(* Consider the ''AME(3,d) quantum bit commitment'' protocol described in the context, for any integer $d\ge 2$. Then: (i) (Perfect hiding) Suppose Alice chooses $b\in\{0,1\}$ uniformly at random and follows the commit phase honestly. Then, whatever state Bob prepares in Step 1 (an arbitrary, possibly dishonest, state on $\texttt{anc}\otimes\mathcal{A}\otimes\mathcal{B}$, with $\mathcal B$ possibly enlarged by an arbitrary register of Bob), Bob cannot guess $b$ before the opening phase with probability larger than $1/2$. Equivalently, the commit channels $\mathcal M_0$ and $\mathcal M_1$ defined in the context satisfy $\mathcal M_0(\rho)=\mathcal M_1(\rho)$ for every state $\rho$. (ii) ($1/d$-honest-binding) If Alice is restricted to separable operations on her register $\mathcal{A}$, then $\max\{p_s(0),p_s(1)\}\le 1/d$, where $p_s(b)$ is defined in the context.
   Context: Let $d\ge2$, $\omega=e^{2\pi i/d}$, and let $\{|k\rangle\}_{k=0}^{d-1}$ be the computational basis of $\mathbb C^d$ (arithmetic on labels mod $d$). Define $|\tilde k\rangle=\frac{1}{\sqrt d}\sum_{l=0}^{d-1}\omega^{-kl}|l\rangle$. For a permutation $\pi\in S_d$ of $\{0,\dots,d-1\}$ set $\mathbf B_{1,\pi}=\{|\pi(k)\rangle\}_k$ and $\mathbf B_{0,\pi}=\{|\widetilde{\pi(k)}\rangle\}_k$. Registers: $\texttt{anc}\cong\mathbb C^d$; Alice's register $\mathcal A=(\mathbb C^d)^{\otimes 3}$ (three qudits); Bob's register $\mathcal B\cong\mathbb C^d$. For $l\in\{0,\dots,d-1\}$ let $|\Phi_l\rangle=\frac1{\sqrt d}\sum_{j=0}^{d-1}\omega^{jl}|jjj\rangle_{\mathcal A}|j+l\rangle_{\mathcal B}$. Protocol. Commit phase: (1) Bob prepares $|\Xi\rangle=\frac1{\sqrt d}\sum_{l=0}^{d-1}|l\rangle_{\texttt{anc}}|\Phi_l\rangle_{\mathcal A\mathcal B}$ and sends registers $\texttt{anc}$ and $\mathcal A$ to Alice. (2) Alice picks $\pi\in S_d$ uniformly at random and a bit $b$; to commit $b$ she measures $\texttt{anc}$ in basis $\mathbf B_{b,\pi}$, obtains the basis element with index $m$ (i.e. $|\pi(m)\rangle$ or $|\widetilde{\pi(m)}\rangle$), and announces $m$. In the honest case the resulting state on $\mathcal A\mathcal B$ is $|\Xi^1_{\pi,m}\rangle=|\Phi_{\pi(m)}\rangle$ if $b=1$ and $|\Xi^0_{\pi,m}\rangle=\frac1{\sqrt d}\sum_{l=0}^{d-1}\omega^{\pi(m)l}|\Phi_l\rangle$ if $b=0$. Opening phase: (3) Alice announces a bit $b'$ and a permutation $\pi'$ and sends register $\mathcal A$ to Bob. (4) Bob projects the state of $\mathcal A\mathcal B$ onto $|\Xi^{b'}_{\pi',m}\rangle$ and accepts iff the projection succeeds. Commit channels (acting on $\texttt{anc}\otimes\mathcal A\otimes\mathcal B$, outcome recorded as $|m\rangle$ in $\texttt{anc}$): $\mathcal M_0(\rho)=\frac1{d!}\sum_{\pi\in S_d}\sum_{m}(|m\rangle\langle\widetilde{\pi(m)}|\otimes I)\rho(|\widetilde{\pi(m)}\rangle\langle m|\otimes I)$ and $\mathcal M_1(\rho)=\frac1{d!}\sum_{\pi\in S_d}\sum_m(|m\rangle\langle\pi(m)|\otimes I)\rho(|\pi(m)\rangle\langle m|\otimes I)$. Separable operations: a channel on $\mathcal A$ is separable with respect to a bipartition $\mathcal A=\mathcal A_1\otimes\mathcal A_2$ (a split of the three qudits into two nonempty groups) if it is a trace-preserving convex combination of tensor products $\mathcal N_1\otimes\mathcal N_2$ of completely positive maps on $\mathcal A_1$ and $\mathcal A_2$; ''Alice is restricted to separable operations'' means that any channel she applies to $\mathcal A$ is separable with respect to some such bipartition (of her choice). Honest-binding: for $b\in\{0,1\}$, $p_s(b)$ is the probability that Alice, having honestly committed to $b$ (with some $\pi$ and outcome $m$), successfully opens $1-b$, i.e. the maximum over allowed channels $\mathcal N$ on $\mathcal A$ and announced permutations $\pi'$ of the acceptance probability $F\big(|\Xi^{1-b}_{\pi',m}\rangle\langle\Xi^{1-b}_{\pi',m}|,(\mathcal N\otimes\mathrm{id}_{\mathcal B})(|\Xi^b_{\pi,m}\rangle\langle\Xi^b_{\pi,m}|)\big)$, where $F$ is the fidelity ($F(\rho,\sigma)=(\mathrm{Tr}\sqrt{\sqrt\sigma\rho\sqrt\sigma})^2$); the bound is required for all $\pi,m$. A protocol is $\varepsilon$-honest-binding if $\max\{p_s(0),p_s(1)\}\le\varepsilon$. *)

From HB Require Import structures.
From mathcomp Require Import all_boot all_order all_algebra all_fingroup.
From mathcomp Require Import reals trigo.
From mathcomp Require Export complex.
Set Implicit Arguments. Unset Strict Implicit. Unset Printing Implicit Defensive.
Import GRing.Theory Num.Theory.
Local Open Scope ring_scope.
Local Open Scope complex_scope.

Section QuantumDefs.
Variable R : realType.
Local Notation C := R[i].

(* A Hilbert space C^T with computational basis indexed by the finType T;
   kets are coordinate functions, operators are matrices T x T. *)
Definition ket (T : finType) := T -> C.
Definition op (T : finType) := T -> T -> C.

Definition ketbra (T : finType) (u v : ket T) : op T :=
  fun x y => u x * (v y)^*.
Definition proj (T : finType) (u : ket T) : op T := ketbra u u.
Definition mulop (T : finType) (A B : op T) : op T :=
  fun x y => \sum_(z : T) A x z * B z y.
Definition adj (T : finType) (A : op T) : op T := fun x y => (A y x)^*.
Definition trace (T : finType) (A : op T) : C := \sum_(x : T) A x x.
Definition idop (T : finType) : op T := fun x y => (x == y)%:R.
Definition munit (T : finType) (a b : T) : op T :=
  fun x y => ((x == a) && (y == b))%:R.
Definition conj_by (T : finType) (K A : op T) : op T :=
  mulop K (mulop A (adj K)).

(* positive semidefinite (complex order: <v, A v> is real and >= 0) *)
Definition psd (T : finType) (A : op T) : Prop :=
  forall v : ket T, 0 <= \sum_(x : T) \sum_(y : T) (v x)^* * A x y * v y.
Definition is_state (T : finType) (rho : op T) : Prop :=
  psd rho /\ trace rho = 1.
Definition povm2 (T : finType) (E0 E1 : op T) : Prop :=
  [/\ psd E0, psd E1 & forall x y, E0 x y + E1 x y = idop x y].

Definition lift1 (T E : finType) (X : op T) : op (T * E)%type :=
  fun x y => X x.1 y.1 * (x.2 == y.2)%:R.

Definition linear_opmap (T T' : finType) (N : op T -> op T') : Prop :=
  forall (a : C) (X Y : op T),
    N (fun x y => a * X x y + Y x y) = fun x y => a * N X x y + N Y x y.

(* (N (x) id_U)(rho), N extended linearly (via matrix units) *)
Definition tens_id (T T' U : finType) (N : op T -> op T') (rho : op (T * U)%type)
  : op (T' * U)%type :=
  fun x y => \sum_(a : T) \sum_(b : T) N (munit a b) x.1 y.1 * rho (a, x.2) (b, y.2).

Definition cp_map (T T' : finType) (N : op T -> op T') : Prop :=
  linear_opmap N /\
  forall (U : finType) (rho : op (T * U)%type), psd rho -> psd (tens_id N rho).

Definition trace_preserving (T T' : finType) (N : op T -> op T') : Prop :=
  forall X : op T, trace (N X) = trace X.

Variable d : nat.

Definition omega : C := cos (2 * pi / d%:R) +i* sin (2 * pi / d%:R).
Definition sqrtd : C := (Num.sqrt (d%:R : R))%:C.

Definition addI (j l : 'I_d) : 'I_d := insubd j ((j + l) %% d)%N.

Definition cbasis (k : 'I_d) : ket 'I_d := fun l => (l == k)%:R.
Definition fbasis (k : 'I_d) : ket 'I_d :=
  fun l => sqrtd^-1 * omega ^- (k * l).
Definition basisB (b : bool) (p : {perm 'I_d}) (k : 'I_d) : ket 'I_d :=
  if b then cbasis (p k) else fbasis (p k).

(* commit channel M_b on anc (x) E (E = all other registers, including A, B
   and any register of Bob); outcome m recorded as |m> in anc *)
Definition commit (E : finType) (b : bool) (rho : op ('I_d * E)%type) : op ('I_d * E)%type :=
  fun x y => ((d`!)%:R)^-1 * \sum_(p : {perm 'I_d}) \sum_(m : 'I_d)
      conj_by (lift1 (E:=E) (ketbra (cbasis m) (basisB b p m))) rho x y.

Definition guess_prob (E : finType) (rho : op ('I_d * E)%type) (E0 E1 : op ('I_d * E)%type) : C :=
  2^-1 * trace (mulop E0 (commit false rho)) + 2^-1 * trace (mulop E1 (commit true rho)).

Definition Areg := {ffun 'I_3 -> 'I_d}.
Definition cst3 (j : 'I_d) : Areg := [ffun _ => j].

Definition Phi (l : 'I_d) : ket (Areg * 'I_d)%type :=
  fun x => sqrtd^-1 * \sum_(j : 'I_d)
     omega ^+ (j * l) * ((x.1 == cst3 j) && (x.2 == addI j l))%:R.

Definition Xi (b : bool) (p : {perm 'I_d}) (m : 'I_d) : ket (Areg * 'I_d)%type :=
  if b then Phi (p m)
  else fun x => sqrtd^-1 * \sum_(l : 'I_d) omega ^+ (p m * l) * Phi l x.

(* fidelity F(|psi><psi|, sigma) with a pure first argument = <psi|sigma|psi> *)
Definition fid_pure (T : finType) (psi : ket T) (sigma : op T) : C :=
  \sum_(x : T) \sum_(y : T) (psi x)^* * sigma x y * psi y.

Definition loc (S : {set 'I_3}) := {ffun {i : 'I_3 | i \in S} -> 'I_d}.
Definition res (S : {set 'I_3}) (x : Areg) : loc S := [ffun i => x (val i)].

(* N1 (x) N2 w.r.t. the bipartition A = A_S (x) A_{~S} *)
Definition tensS (S : {set 'I_3})
  (N1 : op (loc S) -> op (loc S)) (N2 : op (loc (~: S)) -> op (loc (~: S)))
  (X : op Areg) : op Areg :=
  fun x y => \sum_(a : Areg) \sum_(b : Areg)
    X a b * N1 (munit (res S a) (res S b)) (res S x) (res S y)
          * N2 (munit (res (~: S) a) (res (~: S) b)) (res (~: S) x) (res (~: S) y).

Definition separable_channel (N : op Areg -> op Areg) : Prop :=
  exists S : {set 'I_3}, [/\ S != set0, ~: S != set0 &
    exists (n : nat) (w : 'I_n -> R)
           (N1 : 'I_n -> op (loc S) -> op (loc S))
           (N2 : 'I_n -> op (loc (~: S)) -> op (loc (~: S))),
      [/\ forall i, 0 <= w i /\ cp_map (N1 i) /\ cp_map (N2 i),
          \sum_(i < n) w i = 1,
          N = (fun X x y => \sum_(i < n) (w i)%:C * tensS (N1 i) (N2 i) X x y)
        & trace_preserving N]].

End QuantumDefs.

(* Hiding: averaging over the relabelling [pi] makes the outcome [m] uniform,
   and each basis [B_(b,pi)] is orthonormal, so both commit channels equal
   [rho |-> (I/d) (x) Tr_anc rho]; Bob's state does not depend on [b].

   Binding: both honest states have the form [sum_j |jjj> (x) |phi_j>], so the
   fidelity is the quadratic form, at the overlaps [<phi_j|phi'_k>], of the
   block [G] of Alice's channel [N] taking [|jjj><j'j'j'|] to the
   [|kkk><k'k'k'|] entry.  The fibers of [Phi_l] have one entry of modulus
   [d^(-1/2)] and those of [Xi^0] all entries of modulus [1/d], so every
   overlap is at most [d^(-3/2)].  For [N = sum_i w_i N1_i (x) N2_i] across a
   bipartition, the entries of [G] factor through the Choi matrices of
   [N1_i] and [N2_i]; Cauchy-Schwarz for these positive matrices and trace
   preservation at [|jjj><jjj|] give [sum |G| <= d^2], so the fidelity is at
   most [d^(-3) d^2 = 1/d]. *)

From mathcomp Require Import all_boot all_order all_algebra all_fingroup.
From mathcomp Require Import reals trigo.
From mathcomp Require Import complex.
From mathcomp Require Import ring lra zify.
From mathcomp Require Import boolp.
Import Order.TTheory GRing.Theory Num.Theory.
Set Implicit Arguments. Unset Strict Implicit. Unset Printing Implicit Defensive.
Local Open Scope complex_scope.
Local Open Scope ring_scope.

Section ComplexSums.
Variable R : realType.
Local Notation C := R[i].

Lemma conjCE (x : C) : x^* = conjc x.
Proof. by case: x. Qed.

Lemma norm1_conjC (z : C) : `|z| = 1 -> z^* = z^-1.
Proof.
move=> z1; have z0 : z != 0 by rewrite -normr_eq0 z1 oner_eq0.
by apply: (mulfI z0); rewrite divff // -normCK z1 expr1n.
Qed.

Lemma sum_unity_root_expr (z : C) (n : nat) :
  z ^+ n = 1 -> z != 1 -> \sum_(k < n) z ^+ k = 0.
Proof.
move=> zn z1; have /eqP := subrX1 z n.
by rewrite zn subrr eq_sym mulf_eq0 subr_eq0 (negbTE z1) /= => /eqP.
Qed.

Lemma sum_deltal (T : finType) (x : T) (F : T -> C) : \sum_z (z == x)%:R * F z = F x.
Proof.
by rewrite (bigD1 x) //= eqxx mul1r big1 ?addr0 // => z /negbTE ->; rewrite mul0r.
Qed.

Lemma sum_deltar (T : finType) (x : T) (F : T -> C) : \sum_z F z * (z == x)%:R = F x.
Proof. by rewrite -[RHS](sum_deltal x); apply: eq_bigr => z _; rewrite mulrC. Qed.

Lemma sum_pair (T J : finType) (F : T * J -> C) :
  \sum_z F z = \sum_i \sum_j F (i, j).
Proof. by rewrite pair_bigA; apply: eq_bigr => -[]. Qed.

Lemma sum_pair_deltal (T J : finType) (j0 : J) (F : T * J -> C) :
  \sum_(z : T * J) (j0 == z.2)%:R * F z = \sum_i F (i, j0).
Proof.
rewrite sum_pair; apply: eq_bigr => i _; under eq_bigr => j _ do rewrite eq_sym.
exact: sum_deltal.
Qed.

End ComplexSums.

Section RootsOfUnity.
Variable R : realType.
Local Notation C := R[i].
Variable d : nat.
Hypothesis hd : (2 <= d)%N.
Local Notation w := (omega R d).

Lemma omegaX n :
  w ^+ n = cos (n%:R * (2 * pi / d%:R)) +i* sin (n%:R * (2 * pi / d%:R)).
Proof.
elim: n => [|n IH]; first by rewrite expr0 mul0r cos0 sin0.
rewrite exprS IH /omega /=; set th := 2 * pi / _.
rewrite -natr1 mulrDl mul1r cosD sinD.
by congr (_ +i* _); ring.
Qed.

Lemma norm_omega : `|w| = 1.
Proof. by rewrite /omega normc_def /= cos2Dsin2 sqrtr1. Qed.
■ ■ ■ ■
§ **WORK TO BE COMPLETED**: Pull out every line holding "GRing" from the records above, and copy it.

§ **OUTPUT OF THE TASK**:
Import GRing.Theory Num.Theory.
Import Order.TTheory GRing.Theory Num.Theory.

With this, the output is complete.